Perspectives on ultra-high vacuum transmission electron microscopy of dynamic crystal growth phenomena

Abstract

Crystal nucleation and growth is a fundamental pillar of materials design. To advance our understanding of the underlying mechanisms, in situ visual observation plays an important role by providing dynamic information unavailable through conventional post-growth analysis. Such information includes nucleation and growth rates, diffusion phenomena, phase transformation kinetics, strain relaxation mechanisms, and defect formation. Here, we review the contributions of ultra-high vacuum transmission electron microscopy (UHV-TEM) to our understanding of dynamic crystal growth phenomena. We describe the vacuum, sample handling, and deposition capabilities essential for quantitative studies of reactive metals and semiconductors, and discuss how these capabilities are achieved while preserving the imaging performance of the microscope. We then show examples of growth processes explored using UHV-TEM, where the high spatial and temporal resolution provides unique insights into nanocrystal nucleation, thin film microstructure evolution, and oxidation in controlled environments.
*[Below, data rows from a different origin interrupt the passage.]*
(* With respect to the bracket $\{-,-\}_{\mathrm{loc}}$ on $\mathfrak h_{\mathrm{reg}}$, the functions $x_i$ and $f_{ij}=\sum_\alpha a_i^\alpha b_j^\alpha$ satisfy $\{x_i,x_k\}=0$, $\{x_i,f_{jk}\}=\delta_{ik}x_if_{jk}$ and $$\begin{aligned}\{f_{ij},f_{kl}\}=&\tfrac12 f_{ij}f_{kl}\Big[\delta_{(i\ne k)}\tfrac{x_i+x_k}{x_i-x_k}+\delta_{(j\ne l)}\tfrac{x_j+x_l}{x_j-x_l}+\delta_{(k\ne j)}\tfrac{x_k+x_j}{x_k-x_j}+\delta_{(l\ne i)}\tfrac{x_l+x_i}{x_l-x_i}\Big]\\&+\tfrac12 f_{il}f_{kj}\Big[\delta_{(i\ne k)}\tfrac{x_i+x_k}{x_i-x_k}+\delta_{(j\ne l)}\tfrac{x_j+x_l}{x_j-x_l}+\tfrac{x_k+qx_j}{x_k-qx_j}-\tfrac{x_i+qx_l}{x_i-qx_l}\Big]\\&+\tfrac12 f_{ij}f_{il}\Big[\delta_{(i\ne k)}\tfrac{x_k+x_i}{x_k-x_i}+\tfrac{x_i+qx_l}{x_i-qx_l}\Big]+\tfrac12 f_{ij}f_{jl}\Big[\delta_{(j\ne k)}\tfrac{x_j+x_k}{x_j-x_k}-\tfrac{x_j+qx_l}{x_j-qx_l}\Big]\\&+\tfrac12 f_{kj}f_{kl}\Big[\delta_{(i\ne k)}\tfrac{x_k+x_i}{x_k-x_i}-\tfrac{x_k+qx_j}{x_k-qx_j}\Big]+\tfrac12 f_{lj}f_{kl}\Big[\delta_{(i\ne l)}\tfrac{x_i+x_l}{x_i-x_l}+\tfrac{x_l+qx_j}{x_l-qx_j}\Big].\end{aligned}$$ Moreover, setting $T=\sum_k Z_{kk}=\frac{q}{1-q}\sum_k f_{kk}$ (the pullback of $\operatorname{tr}Z$), and $V_{ik}=\frac{x_i+x_k}{x_i-x_k}-\frac{x_i+qx_k}{x_i-qx_k}$, $$\{x_i,T\}=\tfrac{q}{1-q}x_if_{ii},\quad \{a_i^\gamma,T\}=-\tfrac{q}{2(1-q)}\sum_{k\ne i}V_{ik}(a_i^\gamma-a_k^\gamma)f_{ik},\quad \{b_j^\epsilon,T\}=\tfrac{q}{2(1-q)}\sum_{k\ne j}(V_{jk}b_j^\epsilon f_{jk}-V_{kj}b_k^\epsilon f_{kj}).$$
   Context: Fix integers $n,d\ge1$ and $q\in\mathbb C^\times$ not a root of unity. Greek indices range over $\{1,\dots,d\}$; $o(\alpha,\beta)=0,1,-1$ according as $\alpha=\beta$, $\alpha<\beta$, $\alpha>\beta$; $\delta_{(i\ne j)}=1-\delta_{ij}$, $\delta_{(\alpha<\beta)}=1$ if $\alpha<\beta$ and $0$ otherwise. Let $\mathfrak h$ be the affine space of $(x_i,a_i^\alpha,b_i^\alpha)$, $i=1,\dots,n$, subject to $\sum_\alpha a_i^\alpha=1$ for each $i$. Put $f_{ij}=\sum_\alpha a_i^\alpha b_j^\alpha$, $Z_{ij}=\frac{qx_jf_{ij}}{x_i-qx_j}$, $A_\alpha=(a_i^\alpha)_i$ (column), $B_\alpha=(b_i^\alpha)_i$ (row). Let $\mathfrak h_{\mathrm{reg}}\subset\mathfrak h$ be the open set where $x_i\neq0$, $x_i\ne x_j$ and $x_i\ne qx_j$ for $i\ne j$, and $Z$ and $Z+A_1B_1+\dots+A_\alpha B_\alpha$ ($\alpha=1,\dots,d$) are invertible. The bracket $\{-,-\}_{\mathrm{loc}}$ on $\mathfrak h_{\mathrm{reg}}$ is the antisymmetric biderivation with $\{x_i,x_j\}=0$, $\{x_i,a_j^\alpha\}=0$, $\{x_i,b_j^\alpha\}=\delta_{ij}x_ib_j^\alpha$, $\{a_i^\alpha,a_j^\beta\}=\tfrac12\delta_{(i\ne j)}\frac{x_i+x_j}{x_i-x_j}(a_i^\alpha a_j^\beta+a_j^\alpha a_i^\beta-a_j^\alpha a_j^\beta-a_i^\alpha a_i^\beta)+\tfrac12 o(\beta,\alpha)(a_i^\alpha a_j^\beta+a_j^\alpha a_i^\beta)+\tfrac12\sum_\gamma o(\alpha,\gamma)a_j^\beta(a_i^\alpha a_j^\gamma+a_j^\alpha a_i^\gamma)-\tfrac12\sum_\gamma o(\beta,\gamma)a_i^\alpha(a_j^\beta a_i^\gamma+a_i^\beta a_j^\gamma)$, $\{a_i^\alpha,b_j^\beta\}=a_i^\alpha Z_{ij}-\delta_{\alpha\beta}Z_{ij}-\tfrac12\delta_{(i\ne j)}\frac{x_i+x_j}{x_i-x_j}(a_i^\alpha-a_j^\alpha)b_j^\beta+\delta_{(\alpha<\beta)}a_i^\alpha b_j^\beta+a_i^\alpha\sum_{\gamma=1}^{\beta-1}a_i^\gamma(b_j^\gamma-b_j^\beta)-\delta_{\alpha\beta}\sum_{\gamma=1}^{\beta-1}a_i^\gamma b_j^\gamma-\tfrac12\sum_\gamma o(\alpha,\gamma)b_j^\beta(a_i^\alpha a_j^\gamma+a_j^\alpha a_i^\gamma)$, $\{b_i^\alpha,b_j^\beta\}=\tfrac12\delta_{(i\ne j)}\frac{x_i+x_j}{x_i-x_j}(b_i^\alpha b_j^\beta+b_j^\alpha b_i^\beta)-b_i^\alpha Z_{ij}+b_j^\beta Z_{ji}+\tfrac12 o(\beta,\alpha)(b_i^\alpha b_j^\beta-b_j^\alpha b_i^\beta)-b_i^\alpha\sum_{\gamma=1}^{\beta-1}a_i^\gamma(b_j^\gamma-b_j^\beta)+b_j^\beta\sum_{\gamma=1}^{\alpha-1}a_j^\gamma(b_i^\gamma-b_i^\alpha)$. (These formulas are compatible with the constraints $\sum_\alpha a_i^\alpha=1$.) *)

From HB Require Import structures.
From mathcomp Require Import all_boot all_order all_algebra.
Set Implicit Arguments. Unset Strict Implicit. Unset Printing Implicit Defensive.
Import Order.TTheory GRing.Theory Num.Theory.
Local Open Scope ring_scope.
We assess these past accomplishments in the context of recent advances in transmission electron microscopy, discussing how aberration correction, modified sample environments, fast and sensitive detectors, and data science are unlocking powerful opportunities for atomic and temporal resolution measurements using UHV-TEM. We conclude by discussing the challenges and future perspectives for scientific advances using this technique.